Las autoridades militares iraníes han reiterado que ningún barco puede cruzar el estrecho sin permiso de Teherán, subrayando que tanto el Ejército como el Cuerpo de Guardianes de la Revolución Islámica (CGRI) ejercen un control coordinado desde el este y el oeste de la zona. Este mensaje se acompaña ahora de la exhibición del poder submarino, destinado a disuadir cualquier intento de romper por la fuerza el bloqueo impuesto por Irán.

El papel de los minisubmarinos y la clase Fateh

En este despliegue destacan los minisubmarinos de la clase Qadir, diseñados para operar en las aguas poco profundas y ruidosas del Golfo Pérsico, condiciones que dificultan su detección por parte de los sistemas estadounidenses. Estas pequeñas unidades, de unas 120 toneladas y 29 metros de eslora, pueden lanzar torpedos contra buques cisterna y sembrar minas navales durante la noche, convirtiendo el estrecho de Ormuz en un entorno extremadamente peligroso para buques militares y petroleros.

Junto a ellos, Irán cuenta con submarinos más grandes de la clase Fateh, que desplazan unas 600 toneladas y están equipados con sensores y sistemas de torpedos mejorados, capaces de operar en aguas más profundas como fuerza de apoyo o respuesta de segunda capa. Según fuentes iraníes, incluso un submarino Fateh llegó a detectar y obligar a salir a la superficie a un sumergible nuclear estadounidense en Ormuz, un mensaje directo sobre la capacidad de Teherán para disputar el dominio bajo el agua.

Ejercicios navales y control “inteligente” del estrecho

El anuncio de que los submarinos iraníes están listos para el combate se produce tras los ejercicios “Control Inteligente del Estrecho de Ormuz”, en los que participaron unidades de drones, lanchas misilísticas y fuerzas submarinas del CGRI. Durante estas maniobras se dispararon misiles desde el interior del país, la costa y las islas del Golfo Pérsico, impactando objetivos en Ormuz y demostrando una integración entre vigilancia, fuego de precisión y guerra submarina.

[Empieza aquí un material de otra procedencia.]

Lemma mono_iter p q : mono p q = iter q rmul_b (iter p rmul_a (mono 0 0)).
Proof.
have -> : iter p rmul_a (mono 0 0) = mono p 0.
  by elim: p => [|p IH] //=; rewrite IH rmul_a_mono0.
by elim: q => [|q IH] //=; rewrite -IH rmul_b_mono.
Qed.

Definition smulr y x := smul x y.

Lemma smul_is_linear x : linear (smul x).
Proof.
move=> a u v; apply: seriesP => i j; rewrite linear_seriesE /smul.
rewrite mulr_sumr -big_split; apply: eq_bigr => p _.
rewrite mulr_sumr -big_split; apply: eq_bigr => k _.
rewrite mulr_sumr -big_split; apply: eq_bigr => q _ /=.
by rewrite linear_seriesE; ring.
Qed.

HB.instance Definition _ x :=
  GRing.isLinear.Build C series series *:%R (smul x) (smul_is_linear x).

Lemma smulr_is_linear y : linear (smulr y).
Proof.
move=> a u v; apply: seriesP => i j; rewrite linear_seriesE /smulr /smul.
rewrite mulr_sumr -big_split; apply: eq_bigr => p _.
rewrite mulr_sumr -big_split; apply: eq_bigr => k _.
rewrite mulr_sumr -big_split; apply: eq_bigr => q _ /=.
by rewrite linear_seriesE; ring.
Qed.

HB.instance Definition _ y :=
  GRing.isLinear.Build C series series *:%R (smulr y) (smulr_is_linear y).

Lemma Fconv_is_linear : linear Fconv.
Proof.
move=> a u v; apply: seriesP => i j; rewrite linear_seriesE /Fconv /of_ba.
rewrite mulr_sumr -big_split; apply: eq_bigr => k _ /=.
by rewrite linear_seriesE; ring.
Qed.

HB.instance Definition _ :=
  GRing.isLinear.Build C series series *:%R Fconv Fconv_is_linear.
Lemma bregman_three_point (R : realType) n (F : 'rV[R]_n -> R) gF (a b h p : 'rV[R]_n) :
  bregman F gF a h - bregman F gF a p =
  - bregman F gF h p + dotv (a - b) (gF p - gF h) - dotv (gF h - gF p) (b - h).
Proof.
rewrite /bregman !(dotvBr, dotvBl) ![dotv a _]dotvC ![dotv b _]dotvC; ring.
Qed.

Section NormOnRows.
Variables (R : realType) (n : nat) (nrm : 'rV[R]_n -> R).
Hypothesis nrm_norm : is_norm nrm.

Let nrm_ge0 v : 0 <= nrm v. Proof. by case: nrm_norm. Qed.
Let nrm_eq0 v : nrm v = 0 -> v = 0. Proof. by case: nrm_norm => _ [/(_ v)]. Qed.
Let nrmZ a v : nrm (a *: v) = `|a| * nrm v. Proof. by case: nrm_norm => _ [_ [/(_ a v)]]. Qed.
Let nrmD u v : nrm (u + v) <= nrm u + nrm v. Proof. by case: nrm_norm => _ [_ [_ /(_ u v)]]. Qed.

Lemma nrm0 : nrm 0 = 0.
Proof. by rewrite -(scale0r 0) nrmZ normr0 mul0r. Qed.

Lemma nrmN v : nrm (- v) = nrm v.
Proof. by rewrite -scaleN1r nrmZ normrN normr1 mul1r. Qed.

Lemma nrm_sum (I : Type) (r : seq I) (f : I -> 'rV[R]_n) :
  nrm (\sum_(i <- r) f i) <= \sum_(i <- r) nrm (f i).
Proof.
elim: r => [|a r IH]; first by rewrite !big_nil nrm0.
by rewrite !big_cons; apply: le_trans (nrmD _ _) _; exact: lerD.
Qed.

Lemma nrm_le_mx_norm : exists2 C, 0 <= C & forall v, nrm v <= C * `|v|.
Proof.
exists (\sum_(i < n) nrm (delta_mx ord0 i)) => [|v]; first exact: sumr_ge0.
rewrite {1}(matrix_sum_delta v) big_ord1 mulr_suml.
apply: le_trans (nrm_sum _ _) _; apply: ler_sum => i _.
by rewrite nrmZ mulrC ler_wpM2l // coord_le_mx_norm.
Qed.

Lemma nrm_continuous : continuous nrm.
Proof.
have [C C0 nrmC] := nrm_le_mx_norm.
have C1 : 0 < C + 1 by rewrite ltr_wpDl.
move=> u; apply/(@cvgrPdist_le _ _ _ _ (nbhs_filter u)) => e e0.
near=> v.
have uv : `|u - v| <= e / (C + 1).
  near: v; have : (fun v => v) @ u --> u := cvg_id.
  by move/cvgrPdist_le; apply; exact: divr_gt0.
have lip : `|nrm u - nrm v| <= nrm (u - v).
  have := nrmD (u - v) v; have := nrmD (v - u) u.
  rewrite !subrK -opprB nrmN ler_norml => *; apply/andP; split; lra.
apply: le_trans lip (le_trans (nrmC _) _).
rewrite -[e](mulfK (lt0r_neq0 C1)) mulrC mulrAC ler_pM // lerDl.
Unshelve. all: by end_near. Qed.

(* Equivalence of norms in finite dimension: [nrm] attains a positive minimum
   on the compact unit sphere of the sup norm. *)
Lemma mx_norm_le_nrm : exists2 c, 0 < c & forall v, c * `|v| <= nrm v.
Proof.
pose S := [set v : 'rV[R]_n | `|v| = 1].
have unitS v : v != 0 -> S (`|v|^-1 *: v).
  by move=> v0; rewrite /S /= normrZ normfV normr_id mulVf // normr_eq0.
have [S0|S_empty] := pselect (S !=set0); last first.
  exists 1 => // v; rewrite mul1r.
  have [->|v0] := eqVneq v 0; first by rewrite normr0 nrm_ge0.
  by case: S_empty; exists (`|v|^-1 *: v); exact: unitS.
have Sc : compact S.
  apply: bounded_closed_compact.
    by exists 1; split => // M M1 x /= ->; exact: ltW.
  exact: (continuous_closedP _).1 (@norm_continuous R 'rV[R]_n) _ (@closed_eq R 1).
have [w Sw wmin] := EVT_min_rV S0 Sc (continuous_subspaceT nrm_continuous).
have w1 : `|w| = 1 by move: Sw; rewrite inE.
have nw0 : 0 < nrm w.
  rewrite lt_def nrm_ge0 andbT; apply: contra_neq (oner_neq0 R) => /nrm_eq0 w0.
  by rewrite -w1 w0 normr0.
exists (nrm w) => // v.
have [->|v0] := eqVneq v 0; first by rewrite normr0 mulr0 nrm_ge0.
have := wmin _ (mem_set (unitS v v0)).
by rewrite nrmZ normfV normr_id ler_pdivlMl ?normr_gt0 // mulrC.
Qed.

Lemma dual_norm_has_sup g : has_sup [set dotv g v | v in [set v | nrm v <= 1]].
Proof.
have [c c0 cnrm] := mx_norm_le_nrm.
split; first by exists 0, 0 => //=; rewrite ?nrm0 ?dotv0r.
exists ((\sum_(i < n) `|g ord0 i|) / c) => _ [v /= v1 <-].
apply: le_trans (dotv_le_mx_norm g v) _; apply: ler_wpM2l; first exact: sumr_ge0.
by rewrite -[c^-1]mul1r ler_pdivlMr // mulrC (le_trans (cnrm v)).
Qed.

Lemma dual_norm_ge0 g : 0 <= dual_norm nrm g.
Proof.
apply: sup_upper_bound; first exact: dual_norm_has_sup.
by exists 0; rewrite /= ?nrm0 ?dotv0r.
Qed.

Lemma dotv_le_dual_norm g v : dotv g v <= dual_norm nrm g * nrm v.
Proof.
have [->|v0] := eqVneq v 0; first by rewrite dotv0r nrm0 mulr0.
have nv0 : 0 < nrm v.
  by rewrite lt_def nrm_ge0 andbT; apply/eqP => /nrm_eq0; apply/eqP.
rewrite -ler_pdivrMr // mulrC -dotvZr.
apply: sup_upper_bound; first exact: dual_norm_has_sup.
exists ((nrm v)^-1 *: v) => //=.
by rewrite nrmZ ger0_norm ?invr_ge0 // mulVf // gt_eqF.
Qed.

End NormOnRows.

Section Expectation.
Variables (R : realType) (X : finType) (w : X -> R).
Hypothesis w_ge0 : forall x, 0 <= w x.
Implicit Types (f g a b : X -> R).

Lemma expectB f g : expect w (fun x => f x - g x) = expect w f - expect w g.
Proof. by rewrite /expect -sumrB; apply: eq_bigr => x _; rewrite mulrBr. Qed.

Lemma expect_ge0 f : (forall x, 0 <= f x) -> 0 <= expect w f.
Proof. by move=> f_ge0; apply: sumr_ge0 => x _; rewrite mulr_ge0. Qed.

Lemma ler_expect f g : (forall x, f x <= g x) -> expect w f <= expect w g.
Proof. by move=> fg; apply: ler_sum => x _; rewrite ler_wpM2l. Qed.

Lemma expectZ (c : R) f : expect w (fun x => c * f x) = c * expect w f.
Proof. by rewrite /expect mulr_sumr; apply: eq_bigr => x _; rewrite mulrCA. Qed.

Lemma expect_cauchy_schwarz_sqr a b :
  expect w (fun x => a x * b x) ^+ 2 <=
  expect w (fun x => a x ^+ 2) * expect w (fun x => b x ^+ 2).
Proof.
set A := expect w (fun x => a x ^+ 2); set B := expect w (fun x => b x ^+ 2).
set C := expect w (fun x => a x * b x).
(* discriminant of the nonnegative quadratic [t |-> E[(t a - b)^2]] *)
have quad_ge0 t : 0 <= expect w (fun x => (t * a x - b x) ^+ 2).
  by apply: expect_ge0 => x; exact: sqr_ge0.
have quadE t : expect w (fun x => (t * a x - b x) ^+ 2) = t ^+ 2 * A - 2 * t * C + B.
  rewrite /A /B /C /expect !mulr_sumr -sumrB -big_split /=.
  by apply: eq_bigr => y _; ring.
have A_ge0 : 0 <= A by apply: expect_ge0 => x; exact: sqr_ge0.
have [A0|A_neq0] := eqVneq A 0.
  have [->|C_neq0] := eqVneq C 0; first by rewrite A0 expr0n mul0r.
  have := quad_ge0 ((B + 1) / (2 * C)); rewrite quadE A0.
  have -> : ((B + 1) / (2 * C)) ^+ 2 * 0 - 2 * ((B + 1) / (2 * C)) * C + B = -1.
    by field.
  by rewrite oppr_ge0 ler10.
have := quad_ge0 (C / A); rewrite quadE.
have A_gt0 : 0 < A by rewrite lt_def A_neq0.
have -> : (C / A) ^+ 2 * A - 2 * (C / A) * C + B = B - C ^+ 2 / A.
  by field.
by rewrite subr_ge0 ler_pdivrMr // mulrC.
Qed.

El alto mando iraní sostiene que mantiene un control total de inteligencia, las 24 horas, sobre los movimientos de fuerzas y buques de guerra extranjeros en la zona, apoyado en una red de sensores, drones y plataformas navales. Esta capacidad de seguimiento permanente es el complemento indispensable del despliegue de submarinos iraníes en Ormuz, ya que permite dirigirlos hacia blancos específicos en caso de escalada.

Tensión con EEUU y riesgo de choque naval

La presencia de submarinos iraníes listos para el combate se suma a una serie de episodios recientes en los que Teherán ha advertido o hecho retroceder a buques de guerra estadounidenses que intentaban aproximarse al estrecho. En al menos un caso, Irán amenazó con atacar un destructor si seguía acercándose a Ormuz, condicionando incluso las negociaciones bilaterales en Pakistán, lo que revela hasta qué punto este paso marítimo se ha convertido en línea roja estratégica.

Estados Unidos, por su parte, asegura haber hundido parte importante de la flota de superficie iraní en campañas previas, aunque analistas advierten que la principal amenaza reside precisamente en los submarinos y las minas, difíciles de neutralizar por completo. Esta asimetría hace que un choque naval en Ormuz pueda escalar rápidamente y tener impacto global, al tratarse de la ruta por donde transita alrededor del 20% del petróleo y gas que se comercia en el mundo.